<<<<

Lemma pstab_take_subset s i : pstab (take i.+1 s) \subset pstab (take i s).
Proof. by apply: pstabS => x; rewrite -(take_takel s (leqnSn i)) => /mem_take. Qed.

Lemma irredundant_subbase s : all (mem Omega) s -> pstab s = 1 ->
  exists2 t, irredundant_base t & size t <= size s.
Proof.
elim: {s}_.+1 {-2}s (ltnSn (size s)) => // m IHm s le_s_m Omega_s base_s.
have [chain_s | /forallPn[i not_proper]] :=
  boolP [forall i : 'I_(size s), pstab (take i.+1 s) \proper pstab (take i s)].
  by exists s; rewrite // /irredundant_base Omega_s chain_s base_s eqxx.
have lt_is := ltn_ord i.
have eq_i : pstab (take i.+1 s) = pstab (take i s).
  apply/eqP; rewrite eqEsubset pstab_take_subset /=.
  by move: not_proper; rewrite properE pstab_take_subset negbK.
(* the point [nth s i] is redundant, so deleting it does not change the stabilizer *)
pose s' := take i s ++ drop i.+1 s.
have sub_s' : {subset s' <= s} by move=> x; rewrite mem_cat => /orP[/mem_take | /mem_drop].
have size_s' : size s' = (size s).-1 by rewrite size_cat size_drop size_take; case: ifP; lia.
have [|||t irr_t le_t] := IHm s'.
- by rewrite size_s'; lia.
- by apply/allP => x /sub_s'; apply: (allP Omega_s).
- by rewrite pstab_cat -eq_i -pstab_cat cat_take_drop.
by exists t; rewrite // (leq_trans le_t) // size_s' leq_pred.
Qed.

Lemma irredundant_base_mkseq (f : nat -> T) k :
  (forall i, i < k -> f i \in Omega) -> pstab (mkseq f k) = 1 ->
  (forall i, i < k -> exists2 g, g \in pstab (mkseq f i) & to (f i) g != f i) ->
  irredundant_base (mkseq f k).
Proof.
move=> Omega_f base_f moved_f; apply/and3P; split; last by rewrite base_f.
  by apply/allP => x /mapP[i]; rewrite mem_iota add0n => /Omega_f ? ->.
apply/forallP => -[i /=]; rewrite size_mkseq => lt_ik.
have take_f j : j <= k -> take j (mkseq f k) = mkseq f j.
  by move=> le_jk; rewrite /mkseq -map_take take_iota (minn_idPl le_jk).
rewrite !take_f // ?(ltnW lt_ik) // mkseqS.
have [g fix_g move_g] := moved_f i lt_ik.
apply/properP; split; first by apply: pstabS => x; rewrite mem_rcons inE orbC => ->.
by exists g => //; rewrite mem_pstab all_rcons (negbTE move_g) !andbF.
Qed.

Lemma not_IBIS_of_short_base s t :
  irredundant_base s -> all (mem Omega) t -> pstab t = 1 -> size t < size s ->
  ~ IBIS to G Omega.
Proof.
move=> irr_s Omega_t base_t lt_ts IBIS_G.
have [u irr_u le_ut] := irredundant_subbase Omega_t base_t.
by move: lt_ts; rewrite -(IBIS_G _ _ irr_u irr_s) ltnNge le_ut.
Qed.
End IrredundantBases.

Section Planes.
Variable n : nat.
Local Notation d := n.+1.
Local Notation F := 'F_2.
Local Notation act := (GL_set_action F n).
Local Open Scope ring_scope.

Lemma F2_cases (c : F) : c = 0 \/ c = 1.
Proof. by case: c => [[|[|//]] ?]; [left | right]; apply/val_inj. Qed.

Lemma addmx_self_F2 p q (A : 'M[F]_(p, q)) : A + A = 0.
Proof. by rewrite -mulr2n -scaler_nat (_ : 2 = 0 :> F) ?scale0r; last apply/val_inj. Qed.

Definition erow (i : 'I_d) : 'rV[F]_d := delta_mx 0 i.

Definition span2 (a b : 'rV[F]_d) : {set 'rV[F]_d} := [set 0; a; b; a + b].

Lemma mem_span2 a b v : (v \in span2 a b) = [|| v == 0, v == a, v == b | v == a + b].
Proof. by rewrite !inE -!orbA. Qed.

Lemma span2C a b : span2 a b = span2 b a.
Proof.
apply/setP => v; rewrite !mem_span2 [b + a]addrC.
by case: (v == a); case: (v == b); rewrite ?orbT.
Qed.

Lemma rowspace_col_mx (a b : 'rV[F]_d) : rowspace (col_mx a b) = span2 a b.
Proof.
apply/setP => v; rewrite inE mem_span2 -addsmxE; apply/sub_addsmxP/idP.
  case=> [[u1 u2]] /= ->; rewrite [u1]mx11_scalar [u2]mx11_scalar !mul_scalar_mx.
  by case: (F2_cases (u1 0 0)) => ->; case: (F2_cases (u2 0 0)) => ->;
    rewrite ?scale0r ?scale1r ?add0r ?addr0 eqxx ?orbT.
case/or4P => /eqP ->; [exists (0, 0) | exists (1, 0) | exists (0, 1) | exists (1, 1)];
  by rewrite /= ?mul1mx ?mul0mx ?addr0 ?add0r.
Qed.

Lemma span2_erow_subspaces2 i j : i != j -> span2 (erow i) (erow j) \in subspaces2 F n.
Proof.
move=> neq_ij; have neq_ji : j != i by rewrite eq_sym.
rewrite -rowspace_col_mx; apply: imset_f; rewrite inE /=.
set A := col_mx _ _; have A_orth : A *m A^T = 1%:M.
  rewrite tr_col_mx mul_col_row /erow !trmx_delta !mul_delta_mx.
  rewrite !mul_delta_mx_0 // [delta_mx _ _]mx11_scalar mxE.
  by rewrite -scalar_mx_block.
rewrite eqn_leq rank_leq_row /=.
by have := mxrankM_maxl A A^T; rewrite A_orth mxrank1.
Qed.

Lemma act_span2 (g : {'GL_d[F]}) a b :
  act (span2 a b) g = span2 (a *m GLval g) (b *m GLval g).
Proof. by rewrite /= /setact !imsetU !imset_set1 /= /GL_vec_act mul0mx mulmxDl. Qed.

Lemma span2_addl a b : span2 (a + b) b = span2 a b.
Proof.
apply/setP => v; rewrite !mem_span2 -addrA addmx_self_F2 addr0.
by case: (v == a); case: (v == a + b); rewrite ?orbT.
Qed.

Lemma span2_erow_coord i j k v :
  v \in span2 (erow i) (erow j) -> k != i -> k != j -> v 0 k = 0.
Proof.
rewrite mem_span2 => /or4P[] /eqP -> neq_ki neq_kj;
  rewrite !mxE ?eqxx /= 1?[i == k]eq_sym 1?[j == k]eq_sym;
  by rewrite ?(negbTE neq_ki) ?(negbTE neq_kj) ?addr0.
Qed.

Definition transv (i j : 'I_d) : 'M[F]_d := 1%:M + delta_mx i j.

Lemma transv_unit i j : i != j -> transv i j \in unitmx.
Proof.
move=> neq_ij; apply: (proj1 (@mulmx1_unit _ _ _ (transv i j) _)).
rewrite /transv mulmxDl !mulmxDr !mul1mx mulmx1 mul_delta_mx_0 1?eq_sym // addr0.
by rewrite -addrA addmx_self_F2 addr0.
Qed.

(* junk value [1] when [i = j] *)
Definition transvGL (i j : 'I_d) : {'GL_d[F]} := insubd (1%g : {'GL_d[F]}) (transv i j).

Lemma transvGLE i j : i != j -> GLval (transvGL i j) = transv i j.
Proof. by move=> neq_ij; rewrite /transvGL insubdK //; apply: transv_unit. Qed.

Lemma erow_transv k i j : erow k *m transv i j = erow k + erow j *+ (k == i).
Proof. by rewrite /transv mulmxDr mulmx1 mul_delta_mx_cond. Qed.

Lemma act_span2_transv i j a b : a != b ->
  act (span2 (erow i) (erow j)) (transvGL a b) =
  span2 (erow i + erow b *+ (i == a)) (erow j + erow b *+ (j == a)).
Proof. by move=> neq_ab; rewrite act_span2 transvGLE // !erow_transv. Qed.

Lemma transv_fixes_span2_pivotE i j b : i != j -> i != b ->
  (act (span2 (erow i) (erow j)) (transvGL i b) == span2 (erow i) (erow j)) = (b == j).
Proof.
move=> neq_ij neq_ib.
rewrite act_span2_transv // eqxx [j == i]eq_sym (negbTE neq_ij) addr0.
have [-> | neq_bj] := eqVneq b j; first by rewrite span2_addl eqxx.
apply/negbTE/eqP => fixed.
have : erow i + erow b \in span2 (erow i) (erow j) by rewrite -fixed mem_span2 eqxx orbT.
move/span2_erow_coord => /(_ b); rewrite eq_sym neq_ib neq_bj => /(_ isT isT) /eqP.
by rewrite !mxE !eqxx [b == i]eq_sym (negbTE neq_ib) add0r oner_eq0.
Qed.

Lemma transv_fixes_span2E i j a b : i != j -> a != b ->
  (act (span2 (erow i) (erow j)) (transvGL a b) == span2 (erow i) (erow j)) =
  ((a == i) || (a == j) ==> (b == i) || (b == j)).
Proof.
move=> neq_ij neq_ab; have [eq_ai | neq_ai] := eqVneq a i.
  by subst a; rewrite transv_fixes_span2_pivotE //= [b == i]eq_sym (negbTE neq_ab).
have [eq_aj | neq_aj] := eqVneq a j.
  subst a; rewrite span2C (transv_fixes_span2_pivotE neq_ai neq_ab) /=.
  by rewrite [b == j]eq_sym (negbTE neq_ab) orbF.
rewrite act_span2_transv // [i == a]eq_sym [j == a]eq_sym.
by rewrite (negbTE neq_ai) (negbTE neq_aj) !addr0 eqxx.
Qed.

Lemma erow_fixed_of_span2 (g : {'GL_d[F]}) a b c : a != b -> a != c ->
  act (span2 (erow a) (erow b)) g = span2 (erow a) (erow b) ->
  act (span2 (erow b) (erow c)) g = span2 (erow b) (erow c) ->
  erow b *m GLval g = erow b.
Proof.
move=> neq_ab neq_ac fix_ab fix_bc; set x := erow b *m GLval g.
have x_ab : x \in span2 (erow a) (erow b) by rewrite -fix_ab act_span2 mem_span2 eqxx !orbT.
have x_bc : x \in span2 (erow b) (erow c) by rewrite -fix_bc act_span2 mem_span2 eqxx !orbT.
have /eqP x_a : x 0 a == 0 by rewrite (span2_erow_coord x_bc).
have x_neq0 : x != 0.
  rewrite /x mulmx_free_eq0; last by rewrite row_free_unit; exact: (GL_unitmx g).
  by apply/eqP => /matrixP/(_ 0 b)/eqP; rewrite !mxE !eqxx oner_eq0.
move: x_ab x_a; rewrite mem_span2 (negbTE x_neq0) /= => /or3P[] /eqP -> // /eqP;
  by rewrite !mxE !eqxx /= 1?[b == a]eq_sym ?(negbTE neq_ab) ?addr0 oner_eq0.
Qed.

Lemma GL_eq1_of_fixed_erows (g : {'GL_d[F]}) :
  (forall i, erow i *m GLval g = erow i) -> g = 1%g.
Proof.
move=> fix_g; apply/val_inj/row_matrixP => i.
by rewrite rowE -/(erow i) fix_g rowE mulmx1.
Qed.

Local Close Scope ring_scope.

(* Nat-indexed versions, so that index arithmetic can be left to [lia]; only indices
   [<= n] are meaningful. *)
Definition plane (i j : nat) := span2 (erow (inord i)) (erow (inord j)).

Definition ptransv (a b : nat) := transvGL (inord a) (inord b).

Lemma inord_eq i j : i <= n -> j <= n -> (inord i == inord j :> 'I_d) = (i == j).
Proof. by move=> le_in le_jn; rewrite -val_eqE /= !inordK. Qed.

Lemma planeC i j : plane i j = plane j i.
Proof. exact: span2C. Qed.

Lemma plane_subspaces2 i j : i <= n -> j <= n -> i != j -> plane i j \in subspaces2 F n.
Proof. by move=> le_in le_jn neq_ij; apply: span2_erow_subspaces2; rewrite inord_eq. Qed.

Lemma ptransv_fixes_planeE a b i j : a <= n -> b <= n -> i <= n -> j <= n ->
  i != j -> a != b ->
  (act (plane i j) (ptransv a b) == plane i j) =
  ((a == i) || (a == j) ==> (b == i) || (b == j)).
Proof.
by move=> le_an le_bn le_in le_jn neq_ij neq_ab; rewrite transv_fixes_span2E ?inord_eq.
Qed.

Lemma erow_fixed_of_planes (g : {'GL_d[F]}) a b c : a <= n -> b <= n -> c <= n ->
  a != b -> a != c ->
  act (plane a b) g = plane a b -> act (plane b c) g = plane b c ->
  (erow (inord b) *m GLval g)%R = erow (inord b).
Proof.
by move=> le_an le_bn le_cn neq_ab neq_ac; apply: erow_fixed_of_span2; rewrite inord_eq.
Qed.

Lemma GL_eq1_of_fixed_cycle (g : {'GL_d[F]}) : 1 < n ->
  act (plane n 0) g = plane n 0 ->
  (forall k, k < n -> act (plane k k.+1) g = plane k k.+1) -> g = 1%g.
Proof.
move=> lt1n fix_n0 fix_path; apply: GL_eq1_of_fixed_erows => -[b le_bn].
rewrite -[Ordinal _]inord_val /=.
have fix_pred k : 0 < k <= n -> act (plane k.-1 k) g = plane k.-1 k.
  by move=> range_k; have := fix_path k.-1; rewrite prednK; [apply | ]; lia.
have [-> | neq_b0] := eqVneq b 0.
  by apply: (@erow_fixed_of_planes _ n _ 1) => //; try lia; apply: fix_path; lia.
have [-> | neq_bn] := eqVneq b n.
  by apply: (@erow_fixed_of_planes _ n.-1 _ 0) => //; try lia; apply: fix_pred; lia.
apply: (@erow_fixed_of_planes _ b.-1 _ b.+1); try lia.
  by apply: fix_pred; lia.
by apply: fix_path; lia.
Qed.
End Planes.

Section Bases.
Variable n : nat.
Local Notation d := n.+1.
Local Notation act := (GL_set_action 'F_2 n).
Local Notation GL := [set: {'GL_d['F_2]}].
Local Notation pstab := (pstab act GL).

Lemma mem_pstab_GL s g : (g \in pstab s) = all (fun x => act x g == x) s.
Proof. by rewrite mem_pstab !inE. Qed.

Definition chain_plane m :=
  if m < n then plane n 0 m.+1 else plane n (m - n).+1 (m - n).+2.

Definition chain_transv m :=
  if m == 0 then ptransv n 1 2
  else if m < n then ptransv n m.+1 1
  else ptransv n (m - n).+2 0.

Definition chain := mkseq chain_plane (n + n.-1).

Definition cycle := plane n n 0 :: mkseq (fun k => plane n k k.+1) n.

Lemma chain_transv_fixesE m j : 2 < n -> m < n + n.-1 -> j <= m ->
  (act (chain_plane j) (chain_transv m) == chain_plane j) = (j != m).
Proof.
move=> lt2n lt_m le_jm; rewrite /chain_plane /chain_transv.
by case: ifP => ?; case: ifP => ?; try case: ifP => ?; rewrite ptransv_fixes_planeE; lia.
Qed.

Lemma pstab_cycle : 1 < n -> pstab cycle = 1.
Proof.
move=> lt1n; apply/setP => g; rewrite mem_pstab_GL inE.
apply/idP/eqP => [/= /andP[/eqP fix_n0 /allP fix_path] | ->]; last first.
  by apply/allP => x _; rewrite act1.
apply: GL_eq1_of_fixed_cycle => // k lt_kn; apply/eqP/fix_path.
by apply/mapP; exists k; rewrite ?mem_iota.
Qed.

Lemma mem_chain i j : i < j <= n -> (i == 0) || (j == i.+1) -> plane n i j \in chain.
Proof.
move=> lt_ij adjacent; apply/mapP; have [-> | lt0i] := posnP i.
  exists j.-1; first by rewrite mem_iota; lia.
  by rewrite /chain_plane ifT ?prednK //; lia.
have -> : j = i.+1 by lia.
exists (n + i.-1); first by rewrite mem_iota; lia.
by rewrite /chain_plane ifF ?addKn ?prednK //; lia.
Qed.

Lemma cycle_sub_chain : 0 < n -> {subset cycle <= chain}.
Proof.
move=> lt0n x; rewrite inE => /orP[/eqP -> | /mapP[k]].
  by rewrite planeC mem_chain //; lia.
by rewrite mem_iota => range_k ->; apply: mem_chain; lia.
Qed.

>>>>

Reply with one number, the count of lines in the data that contain "pstabS".

RESULT:
2